65. We have here an hypothesis analogous to that of Innate Ideas, or a priori Forms of Thought. It is, in fact, only a reproduction of that conception carried into the sphere of Sense. No one thinks of assigning specific energies to the several muscles, yet a movement of prehension is as different from a movement of extension, a peristaltic movement is as different from a movement of occlusion, as a sensation of sound is from a sensation of color. If movement is common to both of the one class, feeling is common to both of the other: the forms and mechanism are different and specific. Muscles have the common property of contracting under stimulation; whatever be the nature of the stimulus, each muscle has its own particular response, or mode of reaction: the flexor always bending, never extending the limb; the sphincter always closing, never opening the orifice. The movements of the heart are not the same as those of the eye; both are unlike the movements of the intestine. There are muscles which respond to some stimuli, and not to others. Those of the eye, or of the vocal chords, respond to impulses which would leave the masseter or biceps unstirred. According to Marey, the hyoglossus of a frog will become tetanic under a stimulus of only ten pulses in a second; whereas the gastrocnemius of that same frog resists a stimulus of less than twenty in a second. We find the retina responding to ethereal pulses which leave the auditorius unaffected; we find the muscles of a gnat’s wing so exquisitely susceptible that the wing beats eight thousand times in a second,—a delicacy in comparison with which even our muscles of the eye are coarse.

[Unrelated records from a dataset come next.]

(* Project [v] onto [xi] and renormalise. *)
Lemma subsp_sphere_approx P xi v (eps : R) : P *m P = P -> subsp_sphere P v ->
  mx_l1 (xi - P) <= eps -> eps < 1 / 2 ->
  exists2 w, subsp_sphere xi w & enorm (w - v) <= 2 * eps.
Proof.
move=> PP [vP v1] l1_le eps_lt.
set w0 := v *m xi.
have w0v : enorm (w0 - v) <= eps.
  move: vP; rewrite idem_submxE // => /eqP vPE.
  by rewrite /w0 -{2}vPE -mulmxBr (le_trans (enorm_mulmx _ _)) // v1 mul1r.
have w0_ge : 1 - eps <= enorm w0 by have := lerB_enorm v w0; rewrite enormBC v1; lra.
have w0_gt0 : 0 < enorm w0 by lra.
exists ((enorm w0)^-1 *: w0); first split.
- by rewrite scalemx_sub // submxMl.
- by rewrite enormZ ger0_norm ?invr_ge0 ?enorm_ge0 // mulVf // gt_eqF.
have : enorm ((enorm w0)^-1 *: w0 - w0) <= eps.
  rewrite -[X in _ - X]scale1r -scalerBl enormZ -[X in _ * X](ger0_norm (enorm_ge0 w0)).
  rewrite -normrM mulrBl mulVf ?gt_eqF // mul1r distrC.
  have := lerB_enorm w0 v; have := lerB_enorm v w0; rewrite v1 (enormBC v) => h1 h2.
  by rewrite ler_norml; apply/andP; split; lra.
by have := enorm_triangle ((enorm w0)^-1 *: w0) w0 v; lra.
Qed.

End OrthogonalProjection.

Lemma mx_entry_le_norm (R : realType) m k (M : 'M[R]_(m, k)) a b : `|M a b| <= `|M|.
Proof.
rewrite [leRHS]/Num.Def.normr /= mx_normrE.
by apply/bigmax_geP; right => /=; exists (a, b).
Qed.

Lemma mx_l1_vec_mx (R : realType) m k (y : 'rV[R]_(m * k)) :
  mx_l1 (vec_mx y) <= (m * k)%:R * `|y|.
Proof.
apply: (@le_trans _ _ (\sum_(a < m) \sum_(b < k) `|y|)).
  by apply: ler_sum => a _; apply: ler_sum => b _; rewrite mxE mx_entry_le_norm.
by rewrite !sumr_const !card_ord mulrnAC -mulrnA mulr_natl.
Qed.

Section ClosedEquations.
Variables (R : realType) (T : topologicalType).

Lemma closed_eqfun (f g : T -> R) : continuous f -> continuous g ->
  closed [set x | f x = g x].
Proof.
move=> cf cg; have cfg : continuous (f - g).
  by move=> x; apply: continuousB; [exact: cf | exact: cg].
have := (continuous_closedP (f - g)).1 cfg _ (@closed_eq R 0).
congr closed; apply/seteqP; split => x /=; first exact: subr0_eq.
by move=> fgx; change (f x - g x = 0); rewrite fgx subrr.
Qed.

Lemma closed_forall_eqfun (C : Type) (f g : C -> T -> R) :
  (forall c, continuous (f c)) -> (forall c, continuous (g c)) ->
  closed [set x | forall c, f c x = g c x].
Proof.
move=> cf cg; rewrite (_ : [set x | _] = \bigcap_(c in setT) [set x | f c x = g c x]).
  by apply: closed_bigI => c _; exact: closed_eqfun.
by apply/seteqP; split => [x fgx c _ | x fgx c]; [exact: fgx | exact: fgx c I].
Qed.

End ClosedEquations.

Section ProjectionCompactness.
Variables (R : realType) (n i : nat).

(* Rank-[i] orthogonal projections, seen in [R^(n*n)] to use its compactness theory. *)
Definition proj_vecs : set 'rV[R]_(n * n) :=
  [set x | orthoproj (vec_mx x) /\ \rank (vec_mx x) = i].

Lemma vec_mx_entry_continuous a b : continuous (fun x : 'rV[R]_(n * n) => vec_mx x a b).
Proof.
have -> : (fun x : 'rV[R]_(n * n) => vec_mx x a b) = fun x => x ord0 (mxvec_index a b).
  by apply: funext => x; rewrite mxE.
exact: coord_continuous.
Qed.

Lemma orthoproj_rankE (P : 'M[R]_n) : orthoproj P -> (\rank P = i) <-> (\tr P = i%:R).
Proof.
case=> _ /mxrank_idem <-; split=> [-> //|].
by move/eqP; rewrite eqr_nat => /eqP.
Qed.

66. The facts which the hypothesis of specific energies is called on to explain are more consistently interpreted on the admission of a common property in nerve-tissue, manifesting different degrees of excitability, and entering into different mechanisms, so that the functional results differ. A nerve which may be stimulated from the skin will not respond at all, or not in the same way, if the stimulus be applied under the skin. Are we to suppose that the specific energy resides in one part of the nerve, and not in another?109 That the optic nerve responds to stimuli which will not sensibly excite a motor nerve, depends on the terminal structures through which the stimulation is excited; for the optic nerve itself, apart from the retinal expansion, is as insensible to light as the motor nerve is. And the specific sensation, or movement, which results from stimulation of a nerve depends not on the nerve, but on the mechanism of which the nerve is one element. Sensations of touch, temperature, and pain are assuredly specific; they are as unlike each other as a sensation of taste is unlike a sensation of smell. Yet the same nerves, variously stimulated, produce all three sensations.

67. We conclude, therefore, that the phrase “specific energy” is an elliptical expression for the particular office of a nerve. In this meaning there is no obscurity. The optic nerve is not a vasomotor nerve, the skin nerve is not a muscle nerve; the auditory nerve is a nerve of special sensation, the vagus is a nerve of systemic sensation; and so on. Neither movement nor sensation belongs to the nerves themselves.